« Nous sommes dans une
société gravement fracturée, et de plus en plus violente »
ENTRETIEN.
Incarnation vivante de l'autorité républicaine, Jean-Pierre Chevènement remet
les pendules à l'heure dans les confusions du moment. Décapant.
L'actuel ministre de l'Intérieur, le sarkozyste Gérald Darmanin, parle d'« ensauvagement » de la société, et l'expression fait écho au mot « sauvageons » lâché par son prédécesseur Place Beauvau en 1999. Il y a plus de quinze ans… En attendant ses Mémoires qui paraîtront début septembre sous le titre Qui veut risquer sa vie la sauvera (Robert Laffont), Jean-Pierre Chevènement nous a accordé un entretien à bâtons rompus et, comme toujours chez lui, sans langue de bois.
Le Point : Emmanuel Macron est-il à la hauteur de la crise que nous traversons ?

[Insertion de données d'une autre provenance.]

(* For all integers $n, m, k \ge 0$, the map $\phi$ defined below restricts to a bijection from the set of Dyck paths of semilength $n$ with $m$ contacts and $k$ up-steps at odd height onto the set of Dyck paths of semilength $n$ with $m$ contacts and $k$ peaks. Definition of $\phi:\mathcal D\to\mathcal D$ (on Dyck words): $\phi(\epsilon)=\epsilon$ for the empty word $\epsilon$. A nonempty Dyck word $W$ whose path has $s\ge 0$ down-steps at height $2$ before its first contact decomposes uniquely as $W = U\big(\prod_{i=1}^{s} U W_i D\big) D W_{s+1}$ with each $W_i$ a Dyck word, and then $$\phi(W) = \Big(\prod_{i=1}^{s} U\,\phi(W_i)\Big)\, U D\, D^{s}\, \phi(W_{s+1}).$$
   Context: Paths have steps $(1,1)$ (up-step, letter $U$) and $(1,-1)$ (down-step, letter $D$), start at $(0,0)$; paths and words in $\{U,D\}$ are identified. A Dyck path is such a path ending on the line $y=0$ with no vertex of negative $y$-coordinate; a Dyck word is the corresponding word (equal numbers of $U$ and $D$, no prefix with more $D$s than $U$s). $\mathcal D$ denotes the set of Dyck paths/words. The semilength of a path is half its number of steps. An up-step is at height $j$ if it goes from $(i-1,j-1)$ to $(i,j)$; a down-step is at height $j$ if it goes from $(i,j)$ to $(i+1,j-1)$; a step is at odd height if $j$ is odd. A peak is an up-step immediately followed by a down-step. A contact is a down-step at height $1$ or an up-step at height $0$. Products $\prod$ denote concatenation of words, $D^s$ is $s$ copies of $D$. *)

From mathcomp Require Import all_boot.
Set Implicit Arguments. Unset Strict Implicit. Unset Printing Implicit Defensive.

Definition U := true.
Definition D := false.

Fixpoint dyck_h (h : nat) (w : seq bool) : bool :=
  match w with
  | [::] => h == 0
  | b :: w' => if b then dyck_h h.+1 w' else (0 < h) && dyck_h h.-1 w'
  end.
Definition dyck (w : seq bool) : bool := dyck_h 0 w.

(* number of down-steps at height 1 (a down-step from height h to h-1 is at height h) *)
Fixpoint contacts_h (h : nat) (w : seq bool) : nat :=
  match w with
  | [::] => 0
  | b :: w' => if b then contacts_h h.+1 w' else (h == 1) + contacts_h h.-1 w'
  end.
Definition contacts (w : seq bool) : nat := contacts_h 0 w.

(* number of up-steps at odd height (an up-step from h to h+1 is at height h+1) *)
Fixpoint oddups_h (h : nat) (w : seq bool) : nat :=
  match w with
  | [::] => 0
  | b :: w' => if b then odd h.+1 + oddups_h h.+1 w' else oddups_h h.-1 w'
  end.
Definition oddups (w : seq bool) : nat := oddups_h 0 w.

Fixpoint peaks (w : seq bool) : nat :=
  match w with
  | b :: ((c :: _) as w') => (b && ~~ c) + peaks w'
  | _ => 0
  end.

(* For a Dyck word U A D B (A, B Dyck, the displayed D being the first return),
   split_ret 1 (A ++ D :: B) = (A, B). *)
Fixpoint split_ret (h : nat) (w : seq bool) : seq bool * seq bool :=
  match w with
  | [::] => ([::], [::])
  | b :: w' =>
    if b then let: (a, r) := split_ret h.+1 w' in (true :: a, r)
    else if h <= 1 then ([::], w')
    else let: (a, r) := split_ret h.-1 w' in (false :: a, r)
  end.

(* factors_f: a Dyck word A = (U W_1 D)(U W_2 D)...(U W_s D) is sent to
   [:: W_1; ...; W_s]  (fuel-bounded, fuel = size suffices). *)
Fixpoint factors_f (fuel : nat) (a : seq bool) : seq (seq bool) :=
  match fuel with
  | 0 => [::]
  | f.+1 =>
    match a with
    | [::] => [::]
    | _ :: a' => let: (x, y) := split_ret 1 a' in x :: factors_f f y
    end
  end.

(* phi on Dyck words:  phi(eps) = eps, and for
   W = U (prod_{i=1}^s U W_i D) D W_{s+1},
   phi(W) = (prod_{i=1}^s U phi(W_i)) U D D^s phi(W_{s+1}).
   Fuel-bounded recursion; phi uses fuel = size w, which is sufficient. *)
Fixpoint phi_f (fuel : nat) (w : seq bool) : seq bool :=
  match fuel with
  | 0 => [::]
  | f.+1 =>
    match w with
    | [::] => [::]
    | _ :: w' =>
      let: (a, b) := split_ret 1 w' in
      let ws := factors_f f a in
      flatten [seq U :: phi_f f x | x <- ws]
        ++ [:: U; D] ++ nseq (size ws) D ++ phi_f f b
    end
  end.
Definition phi (w : seq bool) : seq bool := phi_f (size w) w.

Definition src_set (n m k : nat) (w : seq bool) : Prop :=
  [/\ dyck w, size w = n.*2, contacts w = m & oddups w = k].
Definition tgt_set (n m k : nat) (w : seq bool) : Prop :=
  [/\ dyck w, size w = n.*2, contacts w = m & peaks w = k].

Example ex1 : phi [:: U; U; D; U; D; D; U; D] = [:: U; U; U; D; D; D; U; D].
Proof. by []. Qed.

(* A nonempty Dyck word is U A D B (first return), and A is a product of
   arches U W_1 D ... U W_s D.  Writing nest [p_1; ...; p_s] for the word
   p_1 U p_2 U ... U p_s D ... D, the definition of phi reads
   phi (U A D B) = U (nest [phi W_1; ...; phi W_s]) D (phi B), and every Dyck
   word is also of the form U (nest ps) D Z (iterate the last return).
   Both forms start with one contact followed by the rest, so contacts are
   preserved.  In U A D B the W_i sit at height 2, so
   oddups (U A D B) = 1 + sum_i oddups W_i + oddups B, while the peaks of
   U (nest ps) D Z are those of the p_i, those of Z, and the innermost U D;
   induction gives peaks (phi W) = oddups W.  Induction along the nested
   decomposition shows that phi is onto the Dyck words; as it preserves
   length, it is then injective by counting. *)

From mathcomp Require Import all_boot zify.
Set Implicit Arguments. Unset Strict Implicit.

Lemma size_preserving_surj_inj (T : finType) (P : pred (seq T)) (f : seq T -> seq T) :
  {in P, forall w, P (f w) /\ size (f w) = size w} ->
  {in P, forall v, exists2 w, P w & f w = v} ->
  {in P &, injective f}.
Proof.
move=> fP fsurj w1 w2 Pw1 Pw2 Ef.
have Es : size w2 = size w1 by rewrite -(fP w1 Pw1).2 Ef (fP w2 Pw2).2.
pose t1 := in_tuple w1; pose t2 : (size w1).-tuple T := insubd t1 w2.
have t2E : val t2 = w2 by rewrite val_insubd Es eqxx.
pose g (t : (size w1).-tuple T) : (size w1).-tuple T := insubd t (f t).
have gE (t : (size w1).-tuple T) : P t -> val (g t) = f t.
  by move=> Pt; rewrite val_insubd (fP t Pt).2 size_tuple eqxx.
pose A := [set t : (size w1).-tuple T | P t].
have g_inj : {in A &, injective g}.
  apply/imset_injP; rewrite eqn_leq leq_imset_card subset_leq_card //.
  apply/subsetP => t; rewrite inE => Pt.
  have [w Pw fw] := fsurj _ Pt.
  have sw : size w == size w1 by rewrite -(fP w Pw).2 fw size_tuple.
  apply/imsetP; exists (insubd t w); first by rewrite inE val_insubd sw.
  by apply: val_inj; rewrite gE val_insubd sw.
have : t1 = t2 by apply: g_inj; rewrite ?inE ?t2E //; apply: val_inj; rewrite !gE ?t2E.
by move/(congr1 val); rewrite t2E.
Qed.
Theorem mainTheorem13 (K : closedFieldType) (s t : nat)
    (S : PR K s t -> Prop) (xi : PR K s t -> Prop) (theta : nat)
    (Iset : {set 'I_s}) :
  (* P = ideal generated by binomial generators *)
  (forall f, S f -> binomial_gen f) ->
  (* xi is a point of W where Eord(P) = theta > 0 is maximal *)
  pointW xi ->
  (0 < theta)%N ->
  Eord_eq xi (genI S) theta ->
  (forall eta m, pointW eta -> Eord_ge eta (genI S) m -> (m <= theta)%N) ->
  (* Z = {x_i = 0, i in Iset} is contained in Etop(P) *)
  (forall eta, pointW eta -> (forall i, i \in Iset -> eta (xv K t i)) ->
     Eord_eq eta (genI S) theta) ->
  (* for every chart j of the blow-up, every weak transform Pv on that chart
     (P O_{W'} = x_j^theta Pv there), and every point xi' of the chart over xi *)
  forall (j : 'I_s) (Pv : PR K s t -> Prop) (xi' : PR K s t -> Prop),
    j \in Iset ->
    yequiv (genI (fun g => exists f, genI S f /\ g = chart_map Iset j f))
           (genI (fun g => exists q, Pv q /\ g = xv K t j ^+ theta * q)) ->
    pointW xi' ->
    (forall f, xi f <-> xi' (chart_map Iset j f)) ->
    (* Eord_{xi'}(Pv) <= theta *)
    ~ Eord_ge xi' Pv theta.+1.
Proof.
move=> _ xi_pt _ [_ not_gt] _ _ j Pv xi' _ [P_to_Pv _] xi'_pt over /Eord_geP Pv_gt.
apply/not_gt/(Eord_geP _ _ xi_pt) => f Pf m fm; rewrite leqNgt; apply/negP => wm.
set e := wvar (Lambda xi') (lshift t j).
have [k Pv_k] : exists k, genI (fun g => exists q, Pv q /\ g = xv K t j ^+ theta * q)
    (yprod K s t ^+ k * chart_map Iset j f).
  by apply: P_to_Pv; apply: genI_gen; exists f.
have yk_wt : wt_ge (Lambda xi') (yprod K s t ^+ k * chart_map Iset j f)
    (theta * e + theta.+1).
  apply: genI_wt_ge Pv_k => _ [q [Pvq ->]].
  by apply: wt_geM; [apply/wt_geXn/wt_geX | apply: Pv_gt xi'_pt q Pvq].
have /wt_ge_cancel /(_ yk_wt) : (wpoly (Lambda xi') (yprod K s t ^+ k))`_0 != 0.
  case: xi'_pt => xi'_prime y_out; apply: wpoly_coef0_outside; first by case: xi'_prime.
  by move/(prime_exprK xi'_prime).
move=> /(_ (chart_mnm Iset j m)); rewrite mcoeff_chart_map => /(_ fm).
have := mweight_chart_mnm xi'_pt over m; rewrite -/e.
have : (e * mweight (Lambda xi) m <= e * theta)%N by rewrite leq_mul2l -ltnS wm orbT.
lia.
Qed.
Lemma seg_compl g h a b : s g = r h -> lek a b -> lek b (d g) ->
  seg (comp g h) a b = seg g a b.
Proof.
move=> sgh le_ab le_b.
have [f1 [f3 [s1 [s3 [eg [d1 dseg]]]]]] := seg_factor le_ab le_b.
have s3h : s f3 = r h by rewrite -sgh eg !ks_comp ?kr_comp.
rewrite {1}eg -!kcomp_assoc ?kr_comp ?ks_comp //.
by apply: seg_middle; rewrite ?kr_comp.
Qed.

Lemma seg_compr g h a b : s g = r h -> lek (d g) a -> lek a b ->
  lek b (addk (d g) (d h)) ->
  seg (comp g h) a b = seg h (subk a (d g)) (subk b (d g)).
Proof.
move=> sgh le_a le_ab le_b.
have le_ab' : lek (subk a (d g)) (subk b (d g)) by nk_lia.
have le_b' : lek (subk b (d g)) (d h) by nk_lia.
have [f1 [f3 [s1 [s3 [eh [d1 dseg]]]]]] := seg_factor le_ab' le_b'.
have sgf1 : s g = r f1 by rewrite sgh {1}eh !kr_comp // kr_comp.
rewrite {1}eh kcomp_assoc ?kr_comp //.
by apply: seg_middle; rewrite ?ks_comp ?kd_comp ?dseg ?d1 //; nk_lia.
Qed.

Lemma seg_split f a b c : lek a b -> lek b c -> lek c (d f) ->
  s (seg f a b) = r (seg f b c) /\ seg f a c = comp (seg f a b) (seg f b c).
Proof.
move=> le_ab le_bc le_c.
have [f1 [f3 [s1 [s3 [ef [d1 dg]]]]]] := seg_factor (lek_trans le_ab le_bc) le_c.
set g := seg f a c in s1 s3 ef dg *.
have [|g1 [g2 [s12 eg d1' d2]]] := factor_exists (f := g) (a := subk b a).
  by rewrite dg; nk_lia.
have s2 : s g2 = r f3 by rewrite -s3 eg ks_comp.
have s1g : s f1 = r g1 by rewrite s1 eg kr_comp.
have -> : seg f a b = g1.
  by rewrite ef eg -kcomp_assoc // seg_middle // ?kr_comp //; nk_lia.
have -> : seg f b c = g2.
  rewrite ef eg -kcomp_assoc // kcomp_assoc ?kr_comp //.
  by apply: seg_middle; rewrite ?ks_comp ?kd_comp ?kr_comp //; nk_lia.
by split.
Qed.

Section GraphMorphism.
Variable x : P.
Hypothesis x_gm : graph_morph x.

Lemma pmap_kid a : lekx a (pdeg x) -> pmap x a a = kid (vert x a).
Proof. exact: x_gm.1. Qed.

Lemma pmap_split a b c : lek a b -> lek b c -> lekx c (pdeg x) ->
  pmap x a c = comp (pmap x a b) (pmap x b c).
Proof. by move=> ab bc c_in; case: (x_gm.2 a b c ab bc c_in). Qed.

Lemma pmap_deg a b : lek a b -> lekx b (pdeg x) -> d (pmap x a b) = subk b a.
Proof. by move=> ab b_in; case: (x_gm.2 a b b ab (lekk b) b_in). Qed.

Lemma pmap_r a b : lek a b -> lekx b (pdeg x) -> r (pmap x a b) = vert x a.
Proof.
move=> ab b_in; case: (x_gm.2 a a b (lekk a) ab b_in) => _ sab ->.
by rewrite kr_comp.
Qed.

Lemma pmap_s a b : lek a b -> lekx b (pdeg x) -> s (pmap x a b) = vert x b.
Proof.
move=> ab b_in; case: (x_gm.2 a b b ab (lekk b) b_in) => _ sab ->.
by rewrite ks_comp // pmap_kid // ks_id.
Qed.

Lemma pmap_seg a b c : lek a b -> lek b c -> lekx c (pdeg x) ->
  pmap x a b = seg (pmap x (nk0 k) c) a b.
Proof.
move=> ab bc c_in; have b_in := lekx_trans bc c_in; have a_in := lekx_trans ab b_in.
rewrite (pmap_split (lek0k a) (lek_trans ab bc) c_in) (pmap_split ab bc c_in).
by rewrite seg_middle ?pmap_deg ?subk0 ?pmap_s ?pmap_r ?lek0k.
Qed.

End GraphMorphism.

Section Shift.
Variables (p : Nk k) (x : P).
(* For $\tau$ in the upper half-plane, $$\frac{2}{\mathfrak{p}(8\tau)}=\frac{1-v^2(\tau)}{v(\tau)}=\frac{1}{v(\tau)}-v(\tau).$$
   Context: $q=e^{2\pi i\tau}$ and $q^r:=e^{2\pi i r\tau}$ for rational $r$. $v(\tau)=q^{1/2}\prod_{n\ge1}(1-q^n)^{\left(\frac{8}{n}\right)}$ with $\left(\frac{8}{n}\right)$ the Kronecker symbol, and $\mathfrak{p}(\tau)=2q^{1/16}\prod_{n\ge1}\left(\frac{1+q^{n/2}}{1+q^{n/2-1/4}}\right)^2$ (equivalently $\mathfrak{f}_2(\tau/2)^2/\mathfrak{f}(\tau/2)^2$ in terms of the Weber–Schläfli functions). *)

From Stdlib Require Import Reals ZArith.
From Coquelicot Require Export Coquelicot.
Open Scope R_scope.

Definition cexp (z : C) : C :=
  (exp (Re z) * cos (Im z), exp (Re z) * sin (Im z)).

Definition qpow (r : R) (tau : C) : C :=
  cexp (RtoC (2 * PI * r) * Ci * tau)%C.

(* Kronecker symbol (8/n) for n >= 1: 0 if n even, 1 if n = +-1 mod 8,
   -1 if n = +-3 mod 8. *)
Definition kron8 (n : nat) : Z :=
  match (n mod 8)%nat with
  | 1%nat | 7%nat => 1%Z
  | 3%nat | 5%nat => (-1)%Z
  | _ => 0%Z
  end.

Definition zpowC (x : C) (k : Z) : C :=
  match k with
  | Z0 => 1%C
  | Zpos p => Cpow x (Pos.to_nat p)
  | Zneg p => Cinv (Cpow x (Pos.to_nat p))
  end.

Fixpoint cprod (f : nat -> C) (N : nat) : C :=
  match N with
  | O => 1%C
  | S m => (cprod f m * f (S m))%C
  end.

Definition v_partial (tau : C) (N : nat) : C :=
  (qpow (1/2) tau *
   cprod (fun n => zpowC (1 - qpow (INR n) tau)%C (kron8 n)) N)%C.

Definition p_partial (tau : C) (N : nat) : C :=
  (RtoC 2 * qpow (1/16) tau *
   cprod (fun n => Cpow ((1 + qpow (INR n / 2) tau) /
                         (1 + qpow (INR n / 2 - 1/4) tau)) 2)%C N)%C.

From Stdlib Require Import Reals Lra Lia.
From Coquelicot Require Import Coquelicot.

(* Write x = q^(1/2) = e^(pi i tau) and J(Q, z) = prod_(n>=1) (1 - Q^(2n)) (1 + z Q^(2n-1))
   (1 + Q^(2n-1) / z) = sum_n Q^(n^2) z^n (Jacobi's triple product).  Grouping the factors of v
   in blocks of eight gives v = x J_A / J_B with J_A = J(x^8, -x^6) and J_B = J(x^8, -x^2), while
   p(8 tau) = 2 x (P_8 / P_4)^2 with P_a = prod_(n>=0) (1 + x^(8n+a)).  The claim thus becomes
   P_8^2 (J_B + x J_A) (J_B - x J_A) = P_4^2 J_A J_B.  Splitting the series of J(i x^2, i x)
   according to the parity of n gives J(i x^2, i x) = J_B + x J_A, and J(i x^2, -i x) = J_B - x J_A
   likewise; on the product side, pairing the factors of J(i x^2, i x) J(i x^2, -i x) two by two
   gives P_4^2 J_A J_B / P_8^2.  The triple product itself follows from Cauchy's q-binomial
   theorem, evaluated at z q^(1-2n), by Tannery's theorem. *)

Open Scope R_scope.
Local Open Scope C_scope.

Local Notation "u --> l" := (filterlim u eventually (locally (l : C))) (at level 70).

Lemma Copp_nz (a : C) : a <> 0 -> - a <> 0.
Proof. intros Ha E. apply Ha. replace a with (- - a) by ring. rewrite E. ring. Qed.

Lemma Cdiv_nz (a b : C) : a <> 0 -> b <> 0 -> a / b <> 0.
Proof.
  intros Ha Hb E. apply Ha. replace a with (a / b * b) by (field; exact Hb). rewrite E. ring.
Qed.

Lemma Cpow_div (a b : C) n : b <> 0 -> (a / b) ^ n = a ^ n / b ^ n.
Proof. intros Hb. unfold Cdiv. rewrite Cpow_mult_l, Cpow_inv; auto. Qed.

Lemma pow_le_1 (r : R) (n : nat) : (0 <= r <= 1)%R -> (r ^ n <= 1)%R.
Proof. intros Hr. rewrite <- (pow1 n). apply pow_incr. lra. Qed.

Jean-Pierre Chevènement : Je suis beaucoup moins sévère que la plupart des commentateurs sur la gestion de la crise par Emmanuel Macron. À part la pénurie de masques que nous aurions pu éviter si on avait maintenu la politique de stocks stratégiques définie il y a dix ans, les mesures prises pour indemniser le chômage partiel ou pour accorder aux entreprises des prêts garantis par l'État ou encore pour reporter les charges sociales et fiscales ont permis jusqu'à présent de préserver notre tissu entrepreneurial. La crise a mis en lumière nos profondes dépendances, et pas seulement dans le domaine sanitaire. Indépendance est pour moi un maître mot. Il s'agit de retrouver des marges de manœuvre, une capacité à s'orienter par soi-même, ce qui est au fondement même de la République. Cette crise nous invite à prendre nos distances par rapport à la règle de l'approvisionnement au plus bas coût possible, qui a prévalu tout au long de trois décennies de mondialisation débridée. Nous avons ainsi laissé notre pays se désindustrialiser, au prix de fractures sociales de plus en plus insupportables. Il faut remonter la pente.
Le souverainisme redevient à la mode… Vous devez en être content ?
Je n'aime pas employer ce mot, qui est source de confusion avec certaines expressions que je ne fais pas miennes. Je me dis simplement républicain. Je me garde des amalgames. Je suis pour la souveraineté nationale, intitulé du titre premier de la Constitution de 1958, parce qu'elle est la condition de la République. Je considère que les étrangers venus sur notre sol ont vocation à s'intégrer à la République. Ils ne doivent pas être rejetés a priori ; en même temps, la politique d'immigration dépend de la capacité d'intégration du pays d'accueil. Il faut tenir les deux bouts de la chaîne.
Le nouveau cap fixé par Emmanuel Macron, et notamment le gouvernement Castex, a-t-il une coloration « chevènementiste » ?
J'observe que la nomination de monsieur Castex a permis une certaine embellie dans l'opinion publique, à la fois pour le président de la République et le gouvernement. Mais la politique du gouvernement Castex sera jugée sur le long terme sur sa capacité à reconquérir l'indépendance industrielle et technologique de la France pour laquelle s'était engagé le président. On a fait appel à des « poids lourds » politiques, c'est une bonne chose, mais je ne discerne pas dans l'état actuel ce qui, dans les structures du gouvernement, traduirait la volonté de reconquête de notre indépendance.